Politics

Tony Blair and Labour: it's complicated

The former leader has had a mixed effect on his party's campaign so far

April 07, 2015
Tony Blair making his entrance to Labour conference in 1997. © Sean Dempsey/PA Archive/Press Association Images
Tony Blair making his entrance to Labour conference in 1997. © Sean Dempsey/PA Archive/Press Association Images
Today, Tony Blair is weighing into the election campaign in a big way, warning about the dangers of a Tory government taking us out of Europe, and reiterating his backing for Ed Miliband, who he says is his "own man with his own convictions... determined to follow them, even when they go against the tide.”

The party is making much of his intervention, with Ed Miliband tweeting about it this morning from his official account. Party strategists will want the former Prime Minister to underline Miliband's credentials as a leader, and his pro-EU pitch to business.

But the feelings of many in the Labour Party towards their former leader are less than rosy. Here's the story of Blair's relationship with his party so far in this election campaign. In Facebook parlance: it's complicated. 

A traditional result

Blair spoke to the Economist last year and caused a bit of a fracas in Labour circles. Here's a quote from the story:
“The result in 2015, he quips, could well be an election “in which a traditional left-wing party competes with a traditional right-wing party, with the traditional result”. Asked if he means a Tory win, Mr Blair confirms: “Yes, that is what happens.”
This was widely taken to mean that Blair thought Miliband is too left-wing to win the election—an interpretation which Blair later said was incorrect. Whatever the precise meaning of these remarks, Blair has repeatedly refused to budge from the position he took during his leadership of the party; that it works best when it is in the centre ground. Miliband has defined his leadership by moving to the left of New Labour, notably taking a harder line on taxing the rich and restricting the actions of big business than Blair and his fellow New Labourites did. Voters have noticed this: according to YouGov, they see Miliband as considerably more left wing-than Labour's last two leaders, and think the party is left of where it was in 2010. Should Miliband lose the election, that will provide plenty of scope for grumpy centrists to pin the blame on his "red Ed" image.

Not for me, thanks

Earlier this year, Blair offered every Labour candidate for the party's 106 target seats a donation of £1,000 towards his or her campaign—a move which some speculated was aimed at weakening the hold that trade unions have over party coffers. Several candidates publicly turned down the cash, with one, Sally Keeble, a former RAF wing commander, citing her opposition to the Iraq war—a conflict which still looms large in the minds of voters when they think of Blair. Blair's former spin doctor summed up the feelings of many Blairites when he slammed such conscientious objectors for "attention seeking," putting their own views before the needs of their party.

Sink or swim

The Telegraph today quotes Jon Cruddas, a senior Labour MP who has been part of Miliband's core team throughout much of his leadership, as attacking Blair for his "dystopian sink or swim politics," and saying that under his leadership the party descended into "drive-by shootings" and "gang warfare." He reportedly made the comments at a book launch a few weeks ago.

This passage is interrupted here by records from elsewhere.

Lemma table_sound A o b k z y : oracle_sound A o ->
  result (table o b k) z = S y -> exists c, godel c = P1 z /\ eval A c (P2 z) y.
Proof.
  intro Ho. revert z y. induction k as [|k IH]; intros z y H.
  { unfold result in H. simpl in H. rewrite nth_0 in H. discriminate. }
  destruct (Nat.lt_ge_cases z b) as [Hz|Hz];
    [|unfold result in H; rewrite table_out_of_range in H by auto; discriminate].
  rewrite result_S in H by auto.
  apply (result_step_sound A o b (table o b k)); auto. intro. apply code_flag_sound.
Qed.

Definition oracle_correct_below (A : natset) (o : nat -> nat) (N : nat) : Prop :=
  forall q, q < N -> (A q -> o q = 2) /\ (~ A q -> o q = 1).

Lemma oracle_correct_below_mono A o N N' :
  oracle_correct_below A o N -> N' <= N -> oracle_correct_below A o N'.
Proof. intros H Hle q Hq. apply H. lia. Qed.

Ltac last_round :=
  let o := fresh "o" in let b := fresh "b" in let k := fresh "k" in
  let Hb := fresh "Hb" in let Hk := fresh "Hk" in
  intros o b k Hb Hk; destruct k as [|k]; [lia|];
  first [rewrite result_S by lia | rewrite code_flag_S by lia];
  unfold result_step, code_step; cbv zeta; simpl godel; simp_pair; simpl.

Lemma code_flag_complete c :
  exists N, forall o b k, N <= b -> N <= k -> code_flag (table o b k) (godel c) = 1.
Proof.
  induction c as [| | | | | |c1 [N1 H1] c2 [N2 H2] |c1 [N1 H1] c2 [N2 H2] |c1 [N1 H1] c2 [N2 H2] |c1 [N1 H1]];
    [exists (S (godel cZero)) | exists (S (godel cSucc)) | exists (S (godel cId))
    | exists (S (godel cFst)) | exists (S (godel cSnd)) | exists (S (godel cOracle))
    | exists (S (N1 + N2 + godel (cPair c1 c2))) | exists (S (N1 + N2 + godel (cComp c1 c2)))
    | exists (S (N1 + N2 + godel (cPrec c1 c2))) | exists (S (N1 + godel (cMin c1)))];
    last_round; try reflexivity; rewrite ?H1, ?H2 by lia; reflexivity.
Qed.

Definition eventually_computes (A : natset) (c : code) (x y : nat) : Prop :=
  exists N, forall o b k, N <= b -> N <= k -> oracle_correct_below A o N ->
    result (table o b k) (pair (godel c) x) = S y.

Lemma eventually_computes_below A f x y :
  (forall z, z < y -> exists v, v <> 0 /\ eventually_computes A f (pair z x) v) ->
  exists N, forall z, z < y -> exists v, v <> 0 /\ forall o b k, N <= b -> N <= k ->
    oracle_correct_below A o N -> result (table o b k) (pair (godel f) (pair z x)) = S v.
Proof.
  induction y as [|y IH]; intro H; [exists 0; intros; lia|].
  destruct IH as [N HN]; [intros; apply H; lia|].
  destruct (H y) as [v [hv [N' HN']]]; [lia|].
  exists (N + N'). intros z Hz. destruct (Nat.eq_dec z y).
  - subst. exists v. split; auto. intros. apply HN'; try lia.
    eapply oracle_correct_below_mono; eauto; lia.
  - destruct (HN z) as [v' [hv' Hv']]; [lia|]. exists v'. split; auto. intros.
    apply Hv'; try lia. eapply oracle_correct_below_mono; eauto; lia.
Qed.
Lemma flipK k : involutive (flip k).
Proof.
move=> j; apply: ord_bit_inj => l lt_lN; rewrite !bit_flip //.
by case: eqP => // ->; rewrite eqxx negbK.
Qed.

Lemma flip_inj k : injective (flip k).
Proof. exact: inv_inj (flipK k). Qed.

Lemma flipC (k l : 'I_N) j : k != l -> flip k (flip l j) = flip l (flip k j).
Proof.
move=> nkl; apply: ord_bit_inj => m lt_mN; rewrite !bit_flip //.
have {}nkl : (k : nat) != l := nkl.
have nlk : (l : nat) != k by rewrite eq_sym.
rewrite (negbTE nkl) (negbTE nlk).
by case: eqP => [mk|_]; case: eqP => [ml|_] //; move: nkl; rewrite -mk -ml eqxx.
Qed.

Lemma flip_eq k (i j : 'I_(2 ^ N)) :
  (i == flip k j) = others_eq k i j && (bit i k != bit j k).
Proof.
apply/eqP/andP => [->|[/forallP same_others diff_k]].
  split; last by rewrite bit_flip // eqxx; case: (bit j k).
  apply/forallP => l; apply/implyP => nlk.
  by rewrite bit_flip // (inj_eq val_inj) (negbTE nlk).
apply: ord_bit_inj => l lt_lN; rewrite bit_flip //.
case: eqP => [->|nlk]; first by move: diff_k; case: (bit i k); case: (bit j k).
have /implyP := same_others (Ordinal lt_lN); rewrite -(inj_eq val_inj) /=.
by move/(_ (introN eqP nlk))/eqP.
Qed.

End Flip.

Section Spin.
Variable R : realType.
Local Notation C := R[i].
Variable N : nat.

(* (sigma_x^(k) +- i sigma_y^(k)) / 2; digit 1 encodes spin down, so sigma_plus k
   acts on the basis states whose k-th digit is 1. *)
Definition sigma_plus (k : 'I_N) : 'M[C]_(2 ^ N) :=
  ppmx (fun j => bit j k) (flip k) (fun=> 1).
Definition sigma_minus (k : 'I_N) : 'M[C]_(2 ^ N) :=
  ppmx (fun j => ~~ bit j k) (flip k) (fun=> 1).

Let mul_ii : 'i * 'i = -1 :> C.
Proof. by rewrite -expr2 sqr_i. Qed.

Let half_add_half : 2^-1 + 2^-1 = 1 :> C.
Proof. by rewrite [RHS](splitr 1) div1r. Qed.

Lemma Splus_sum : Splus R N = \sum_k sigma_plus k.
Proof.
apply/matrixP => i j; rewrite !mxE !summxE !mulr_sumr -big_split /=.
apply: eq_bigr => k _; rewrite !mxE flip_eq.
case: (others_eq k i j); rewrite ?andbF ?mulr0 ?addr0 //=.
case: (bit i k); case: (bit j k) => /=; rewrite ?mulr0 ?addr0 //.
  by rewrite mulr1 (mulrCA 'i) mul_ii mulrN1 subrr.
by rewrite mulr1 !mulrN (mulrCA 'i) mul_ii mulrN1 opprK half_add_half.
Qed.

Lemma Sminus_sum : Sminus R N = \sum_k sigma_minus k.
Proof.
apply/matrixP => i j; rewrite !mxE !summxE !mulr_sumr -sumrN -big_split /=.
apply: eq_bigr => k _; rewrite !mxE flip_eq.
case: (others_eq k i j); rewrite ?andbF ?mulr0 ?subr0 //=.
case: (bit i k); case: (bit j k) => /=; rewrite ?mulr0 ?subr0 //.
  by rewrite mulr1 (mulrCA 'i) mul_ii mulrN1 opprK half_add_half.
by rewrite mulr1 !mulrN (mulrCA 'i) mul_ii mulrN1 opprK subrr.
Qed.

Lemma sigma_z_ppmx (k : 'I_N) :
  sigma_z R k = ppmx predT id (fun j => if bit j k then -1 else 1).
Proof. by apply/matrixP => i j; rewrite !mxE; case: eqP => // ->. Qed.

Lemma opbound_sum_ord (F : 'I_N -> 'M[C]_(2 ^ N)) :
  (forall k, opbound (F k) 1) -> opbound (\sum_k F k) N%:R.
Proof.
move=> hF.
have := @opbound_sum _ _ _ (index_enum 'I_N) xpredT _ (fun=> 1) (fun k _ => hF k).
by rewrite sumr_const card_ord.
Qed.

Lemma sigma_plus_opbound k : opbound (sigma_plus k) 1.
Proof. by apply: ppmx_opbound => [i j _ _|j]; [exact: flip_inj | rewrite normr1]. Qed.

Lemma sigma_minus_opbound k : opbound (sigma_minus k) 1.
Proof. by apply: ppmx_opbound => [i j _ _|j]; [exact: flip_inj | rewrite normr1]. Qed.

Lemma sigma_z_opbound (k : 'I_N) : opbound (sigma_z R k) 1.
Proof.
rewrite sigma_z_ppmx; apply: ppmx_opbound => [i j _ _ //|j].
by case: (bit j k); rewrite ?normrN normr1.
Qed.

Lemma Splus_opbound : opbound (Splus R N) N%:R.
Proof. by rewrite Splus_sum; apply: opbound_sum_ord; exact: sigma_plus_opbound. Qed.

Lemma Sminus_opbound : opbound (Sminus R N) N%:R.
Proof. by rewrite Sminus_sum; apply: opbound_sum_ord; exact: sigma_minus_opbound. Qed.

Lemma sigma_plus_minus_comm (k : 'I_N) :
  sigma_plus k * sigma_minus k - sigma_minus k * sigma_plus k = sigma_z R k.
Proof.
rewrite -!mulmxE !ppmx_mul; apply/matrixP => i j; rewrite !mxE /= flipK.
rewrite bit_flip // eqxx negbK andbb mulr1.
case: eqP => [->|_]; last by rewrite !andbF subrr.
by case: (bit j k); rewrite /= ?subr0 ?sub0r.
Qed.

Lemma sigma_plus_minus_commute (k l : 'I_N) : k != l ->
  sigma_plus k * sigma_minus l = sigma_minus l * sigma_plus k.
Proof.
move=> nkl; rewrite -!mulmxE !ppmx_mul; apply/matrixP => i j; rewrite !mxE /=.
rewrite bit_flip_other // bit_flip_other 1?eq_sym // flipC // [flip _ _ == i]eq_sym.
by case: (bit j k); case: (bit j l).
Qed.

Lemma Splus_Sminus_comm :
  Splus R N * Sminus R N - Sminus R N * Splus R N = \sum_k sigma_z R k.
Proof.
rewrite Splus_sum Sminus_sum !mulr_suml.
under eq_bigr do rewrite mulr_sumr.
under [X in _ - X]eq_bigr do rewrite mulr_sumr.
rewrite [X in _ - X]exchange_big -sumrB; apply: eq_bigr => k _.
rewrite -sumrB (bigD1 k) //= big1 ?addr0 ?sigma_plus_minus_comm // => l nlk.
by rewrite sigma_plus_minus_commute 1?eq_sym // subrr.
Qed.

Lemma Splus_Sminus_comm_opbound :
  opbound (Splus R N * Sminus R N - Sminus R N * Splus R N) N%:R.
Proof. by rewrite Splus_Sminus_comm; apply: opbound_sum_ord; exact: sigma_z_opbound. Qed.

End Spin.

Section NormalOrder.
Variable R : realType.
Local Notation C := R[i].
Variables (d : nat) (a b : 'M[C]_d) (K : C).
Hypothesis K_gt0 : 0 < K.
Hypothesis a_bound : opbound a K.
Hypothesis b_bound : opbound b K.
Hypothesis comm_bound : opbound (b * a - a * b) K.

Let K_ge0 : 0 <= K. Proof. exact: ltW. Qed.
Let K_neq0 : K != 0. Proof. exact: lt0r_neq0. Qed.

Let bound_ge0 p q : 0 <= p%:R * K ^+ q / K.
Proof. by rewrite divr_ge0 ?mulr_ge0 ?exprn_ge0. Qed.

Lemma commutator_exp_opbound p :
  opbound (b * a ^+ p - a ^+ p * b) (p%:R * K ^+ p).
Proof.
elim: p => [|p IH]; first by rewrite expr0 mulr1 mul1r subrr mul0r; exact: opbound0.
have -> : b * a ^+ p.+1 - a ^+ p.+1 * b =
          (b * a ^+ p - a ^+ p * b) * a + a ^+ p * (b * a - a * b).
  by rewrite mulrBl mulrBr !mulrA !exprSr !mulrA addrA subrK.
have := opboundD (opboundM (mulr_ge0 (ler0n _ _) (exprn_ge0 _ K_ge0)) IH a_bound)
  (opboundM (exprn_ge0 _ K_ge0) (opboundX p K_ge0 a_bound) comm_bound).
suff -> : p%:R * K ^+ p * K + K ^+ p * K = p.+1%:R * K ^+ p.+1 by [].
by rewrite exprS mulrS; ring.
Qed.

Lemma commutator_exp2_opbound m p :
  opbound (b ^+ m * a ^+ p - a ^+ p * b ^+ m) ((m * p)%:R * K ^+ (m + p) / K).
Proof.
elim: m => [|m IH]; first by rewrite expr0 mulr1 mul1r subrr mul0r mul0r; exact: opbound0.
have -> : b ^+ m.+1 * a ^+ p - a ^+ p * b ^+ m.+1 =
          b * (b ^+ m * a ^+ p - a ^+ p * b ^+ m) + (b * a ^+ p - a ^+ p * b) * b ^+ m.
  by rewrite !mulrBl !mulrBr !mulrA !exprS !mulrA addrA subrK.
have := opboundD (opboundM K_ge0 b_bound IH)
  (opboundM (mulr_ge0 (ler0n _ _) (exprn_ge0 _ K_ge0)) (commutator_exp_opbound p)
     (opboundX m K_ge0 b_bound)).
suff -> : K * ((m * p)%:R * K ^+ (m + p) / K) + p%:R * K ^+ p * K ^+ m
        = (m.+1 * p)%:R * K ^+ (m.+1 + p) / K by [].
by rewrite addSn !exprS !exprD mulSn natrD natrM; field; exact: K_neq0.
Qed.

Lemma normal_order_opbound r (ns ms : 'I_r -> nat) :
  opbound (\prod_(j < r) (a ^+ ns j * b ^+ ms j)
           - a ^+ (\sum_(j < r) ns j) * b ^+ (\sum_(j < r) ms j))
    (((\sum_(j < r) ns j) * (\sum_(j < r) ms j))%:R
       * K ^+ (\sum_(j < r) ns j + \sum_(j < r) ms j) / K).
Proof.
elim: r ns ms => [|r IH] ns ms.
  by rewrite !big_ord0 !expr0 mulr1 subrr mul0r mul0r; exact: opbound0.
rewrite !big_ord_recr /=.
set A := \sum_(j < r) ns _; set B := \sum_(j < r) ms _.
set X := \prod_(j < r) _; set p := ns ord_max; set q := ms ord_max.
have -> : X * (a ^+ p * b ^+ q) - a ^+ (A + p) * b ^+ (B + q)
  = (X - a ^+ A * b ^+ B) * a ^+ p * b ^+ q
    + a ^+ A * (b ^+ B * a ^+ p - a ^+ p * b ^+ B) * b ^+ q.
  by rewrite !mulrBl !mulrBr !mulrA !exprD !mulrA mulrBl addrA subrK.
have IHr := opboundM (mulr_ge0 (bound_ge0 _ _) (exprn_ge0 _ K_ge0))
  (opboundM (bound_ge0 _ _)
     (IH (fun j => ns (widen_ord (leqnSn r) j)) (fun j => ms (widen_ord (leqnSn r) j)))
     (opboundX p K_ge0 a_bound))
  (opboundX q K_ge0 b_bound).
have reorder := opboundM (mulr_ge0 (exprn_ge0 A K_ge0) (bound_ge0 _ _))
  (opboundM (exprn_ge0 A K_ge0) (opboundX A K_ge0 a_bound) (commutator_exp2_opbound B p))
  (opboundX q K_ge0 b_bound).
apply: opbound_le _ (opboundD IHr reorder).
rewrite -/A -/B; set L := K ^+ (A + p + (B + q)).
have -> : (A * B)%:R * K ^+ (A + B) / K * K ^+ p * K ^+ q
          + K ^+ A * ((B * p)%:R * K ^+ (B + p) / K) * K ^+ q
          = (A * B + B * p)%:R * L / K.
  by rewrite /L !exprD natrD !natrM; field; exact: K_neq0.
by rewrite ler_pM2r ?invr_gt0 // ler_pM2r ?exprn_gt0 // ler_nat; nia.
Qed.

End NormalOrder.

Section TensorOne.
Variable R : realType.
Local Notation C := R[i].
Variable n : nat.
Local Notation I := (1%:M : 'M[C]_n).
Implicit Types A B : 'M[C]_n.

Lemma tens1mx_mul A B : (A *t I) *m (B *t I) = (A *m B) *t I.
Proof. by rewrite tensmx_mul mulmx1. Qed.

Lemma tens1mx_mul_tens A (u v : 'cV[C]_n) :
  (A *t I) *m (u *t v : 'cV_(n * n)) = ((A *m u) *t v : 'cV_(n * n)).
Proof. by have := tensmx_mul A I u v; rewrite mul1mx. Qed.

Lemma tens1mx1 : I *t I = 1%:M.
Proof.
apply/matrixP => i j.
case: (mxtens_indexP i) => i1 i2; case: (mxtens_indexP j) => j1 j2.
rewrite tensmxE !mxE (inj_eq (can_inj (@mxtens_indexK _ _))) xpair_eqE.
by case: (i1 == j1); case: (i2 == j2); rewrite ?mulr1 ?mulr0 ?mul0r.
Qed.

Lemma tens1mxB A B : (A - B) *t I = A *t I - B *t I.
Proof. by apply/matrixP => i j; rewrite !mxE mulrBl. Qed.

Lemma scale_tens1mxX k A p : (k *: (A *t I)) ^+ p = k ^+ p *: (A ^+ p *t I).
Proof.
elim: p => [|p IH]; first by rewrite !expr0 scale1r tens1mx1.
by rewrite !exprS IH -!mulmxE -scalemxAl -scalemxAr scalerA tens1mx_mul.
Qed.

Such an attack summarises the ill-feeling that remains towards Blair in some sections of the party. Roy Jenkins, the former Labour front-bencher and co-founder of the SDP, once wrote that Blair "climbed up the outside of the Labour party." Blair's iconoclastic disregard for some central tenets of Labour thinking, most famously his scrapping of "clause IV," a section of the party's constitution which underlined its commitment to traditional socialism, mean he remains a bogeyman for much of the party's left.